You’re probably familiar with upspeak? Like when someone’s voice goes up at the end of a sentence, even though they’re not asking a question?
You’re likely aware of vocal fry, too — that phenomenon where people flutter their vocal chords, producing a low, creeeeaaaaky sound.
Some experts say these two common speech quirks could be undermining your professional image, making you sound less self-assured and not competent.
“You should definitely not be using upspeak,” Susan Sankin, a New York City-based speech therapist, told Business Insider. “It suggests you lack confidence and you’re indecisive. That’s not the image you want in the workplace.”
Moreover, Sankin said upspeak distracts from the message you’re trying to convey, presumably because your conversation partner is so focused on the irritating way you’re communicating it.
Research provides some evidence that upspeak (also known as uptalk) and vocal fry (also known as grottal fry) hurt your chances of professional success. A 2014 study found that young adult female voices exhibiting vocal fry are perceived as less attractive and less hirable.
Meanwhile, a study by UK publisher Pearson found that a majority of bosses “believe uptalk hinders the prospects of promotion as well as better pay grades in their organisation.”
Still, these speech quirks are so common that people often don’t even notice that they’re using them. When Sankin begins working with clients, she frequently asks them to introduce themselves to her. It’s a difficult task for most people.
“People start going up, using upspeak on their name and not sounding confident,” she said.
Women tend to get accused of using upspeak and vocal fry more than men. In fact, Sankin recently participated in a roundtable discussion on NPR’s Fresh Air about whether we should stop “policing” women’s voices.
Yet Sankin said that, in her experience, men and women are now exhibiting upspeak and vocal fry.
“In the past, the tendency to speak in this way was observed more often in the speech of young women than in men,” she said. “Now, not only is the trend noticed in both the speech of women and men, but also in the speech of individuals of a variety of different ages.”

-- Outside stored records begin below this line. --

Definition tailseq (f : nat -> X -> X) (i : nat) : nat -> X -> X :=
  fun n => f (i + n)%N.

Fixpoint fcomp (g : nat -> X -> X) (n : nat) : X -> X :=
  match n with
  | 0 => id
  | n'.+1 => g n' \o fcomp g n'
  end.

Definition open_cover (m : nat) (U : 'I_m -> set X) : Prop :=
  (forall k, open (U k)) /\ [set: X] `<=` \bigcup_(k in [set: 'I_m]) U k.

(* N(C): minimal cardinality of a finite subcover of the family of sets C
   (0 if there is no finite subcover; never the case in our use) *)
Definition has_subcover_of_size (C : set (set X)) (n : nat) : Prop :=
  exists s : 'I_n -> set X,
    (forall k, C (s k)) /\ [set: X] `<=` \bigcup_(k in [set: 'I_n]) s k.

Definition Ncov (C : set (set X)) : nat :=
  match pselect (exists n, `[< has_subcover_of_size C n >]) with
  | left h => ex_minn h
  | right _ => 0%N
  end.

(* the join  \/_{k=1}^n g_0^{-a_k} U, where the sequence A = {a_k}_{k>=1}
   is represented 0-indexed by a : nat -> nat (a k = a_{k+1}) *)
Definition join_cover (g : nat -> X -> X) (a : nat -> nat) (n m : nat)
  (U : 'I_m -> set X) : set (set X) :=
  [set S | exists c : 'I_n -> 'I_m,
     S = \bigcap_(k in [set: 'I_n]) (fcomp g (a k) @^-1` U (c k))].

Definition incr_seq (a : nat -> nat) : Prop := forall k, (a k < a k.+1)%N.

Definition hA (g : nat -> X -> X) (a : nat -> nat) : \bar R :=
  ereal_sup [set h | exists m (U : 'I_m -> set X), open_cover U /\
     h = limn_esup (fun n => ((ln (Ncov (join_cover g a n U))%:R / n%:R)%:E))].

Definition hstar (g : nat -> X -> X) : \bar R :=
  ereal_sup [set hA g a | a in incr_seq].

End Defs.

From HB Require Import structures.
From mathcomp Require Import all_boot all_order all_algebra.
From mathcomp Require Import all_classical all_reals all_analysis.
From mathcomp Require Import finmap.
Set Implicit Arguments.
Unset Strict Implicit.
Unset Printing Implicit Defensive.
Import Order.TTheory GRing.Theory Num.Theory.
Local Open Scope classical_set_scope.
Local Open Scope ring_scope.

(* By a Lebesgue number argument and equicontinuity, every open cover U has a
   finite open refinement V whose members are mapped into members of U by
   every composite f_{s+p-1} o ... o f_s.  Pushing a subcover of the join of V
   along A forward by the surjection f_0^p gives a cover of the same size by
   members of the join of U along A for f_{p,oo}; hence
   h_A(f_{p,oo}) <= h_A(f_{0,oo}).
   Conversely, the join of U along a_1, ..., a_{p+n} for f_{0,oo} needs at
   most |U|^p times as many sets as the join of U for f_{p,oo} along the
   increasing sequence a_{p+k} - p, and the factor |U|^p disappears in the
   limit of (1/n) log; hence h_A(f_{0,oo}) <= h^*(f_{p,oo}). *)

Lemma limn_esup_le_shift (R : realType) (u v : (\bar R)^nat) (K : nat) :
  (forall e : R, 0 < e -> \forall n \near \oo, (u (n + K)%N <= v n + e%:E)%E) ->
  (limn_esup u <= limn_esup v)%E.
Proof.
move=> uv; apply/lee_addgt0Pr => e e0; rewrite -leeBlDr //.
apply: le_ereal_inf_tmp => _ [V [M _ MV] <-]; rewrite leeBlDr //.
have [N _ uvN] := uv e e0; set L := (maxn N M + K)%N.
apply: (@le_trans _ _ (ereal_sup (u @` [set n | (L <= n)%N]))).
  by apply: ereal_inf_lbound; exists [set n | (L <= n)%N] => //; exists L.
apply: ge_ereal_sup => _ [n /= Ln <-].
have KL : (K <= n)%N by rewrite (leq_trans _ Ln) ?leq_addl.
have NML : (maxn N M <= n - K)%N by rewrite leq_subRL // addnC.
rewrite -(subnK KL); apply: (le_trans (uvN _ _)).
  by rewrite /= (leq_trans (leq_maxl N M)).
rewrite leeD2r //; apply: ereal_sup_ubound; exists (n - K)%N => //.
by apply: MV; rewrite /= (leq_trans (leq_maxr N M)).
Qed.

(* ln 0 = 0 here, so ln is nonnegative and monotone on all of nat. *)
Lemma ln_nat_ge0 (R : realType) (b : nat) : 0 <= ln (b%:R : R).
Proof. by case: b => [|b]; [rewrite ln0 | apply: ln_ge0; rewrite ler1n]. Qed.

Lemma ler_ln_nat (R : realType) (a b : nat) :
  (a <= b)%N -> ln (a%:R : R) <= ln b%:R.
Proof.
case: a => [|a] ab; first by rewrite ln0 // ln_nat_ge0.
by rewrite ler_ln ?posrE ?ltr0n ?ler_nat // (leq_trans _ ab).
Qed.

Lemma ln_nat_le_add (R : realType) (a b c : nat) :
  (a <= b * c)%N -> ln (a%:R : R) <= ln b%:R + ln c%:R.
Proof.
move=> abc; have [->|a0] := posnP a; first by rewrite ln0 ?addr_ge0 ?ln_nat_ge0.
have [b0 c0] : (0 < b)%N /\ (0 < c)%N.
  by apply/andP; rewrite -muln_gt0 (leq_trans a0).
by rewrite -lnM ?posrE ?ltr0n // -natrM; exact: ler_ln_nat.
Qed.

Lemma compact_finite_subcover (T : topologicalType) (f : T -> set T) :
  compact [set: T] -> (forall z, open (f z)) -> (forall z, f z z) ->
  exists m (z : 'I_m -> T), forall y, exists l, f (z l) y.
Proof.
move=> cT fo fz; have [[x0 _]|T0] := pselect (exists x : T, True); last first.
  have z0 : 'I_0 -> T by case.
  by exists 0%N, z0 => y; case: T0; exists y.
pose TP : ptopologicalType := HB.pack T (isPointed.Build T x0).
have : cover_compact [set: TP] by rewrite -compact_cover.
case/(_ T [set: T] f (fun z _ => fo z)) => [y _|D _ Dcov]; first by exists y.
exists (size D), (fun l => nth x0 D l) => y; have [z zD fzy] := Dcov y I.
have zD' : (index z D < size D)%N by rewrite index_mem.
by exists (Ordinal zD'); rewrite /= nth_index.
Qed.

Sankin recently worked with a male doctor who was completely unaware that he used upspeak and vocal fry until one of his supervisors pointed it out. “He was appalled,” Sankin said. He came to her seeking help getting rid of those tendencies.
The biggest difference between men and women’s speech may be that men don’t think they use upspeak — at least not until someone points it out, as in the case of Sankin’s client. A 2014 study found that men and women were equally likely to end declarative statements with upspeak. Women were, however, more likely to use upspeak when they felt they were about to be interrupted.
To prove that women aren’t the only ones who use vocal fry, Ann Heppermann, the producer of Slate’s Culture Gabfest, even created a mix of men doing it.
Ultimately, whether upspeak and vocal fry are issues to be corrected or accepted is a matter of perspective.
While a linguist featured on the Fresh Air podcast said she didn’t see these trends as a problem per se, Sankin disagreed.
“For the people who come to see me, they’re unhappy with their speech,” she said on the podcast. “They don’t like the way they sound. They sound tentative to themselves; they sound unsure to themselves as well. And they feel that when they present themselves that it sounds as if they lack confidence.”
Unfortunately, people can’t always pinpoint upspeak or vocal fry in their own speech. Sankin helps those clients by mimicking them or stopping them as soon as they start to sound less confident.
Yet for those bothered by their speech, Sankin said therapy isn’t the only option.
“Some people can practice at home and do just fine,” she said.
You could try recording your voice during a regular conversation and listening for evidence of upspeak and vocal fry. Or you could ask a friend or family member to point out when you start demonstrating those habits.
Bottom line: Your voice isn’t something to be ashamed of. You can either work on changing your speech habits or leave them as is, but feeling insecure about the way you talk will only make you seem less confident in your abilities.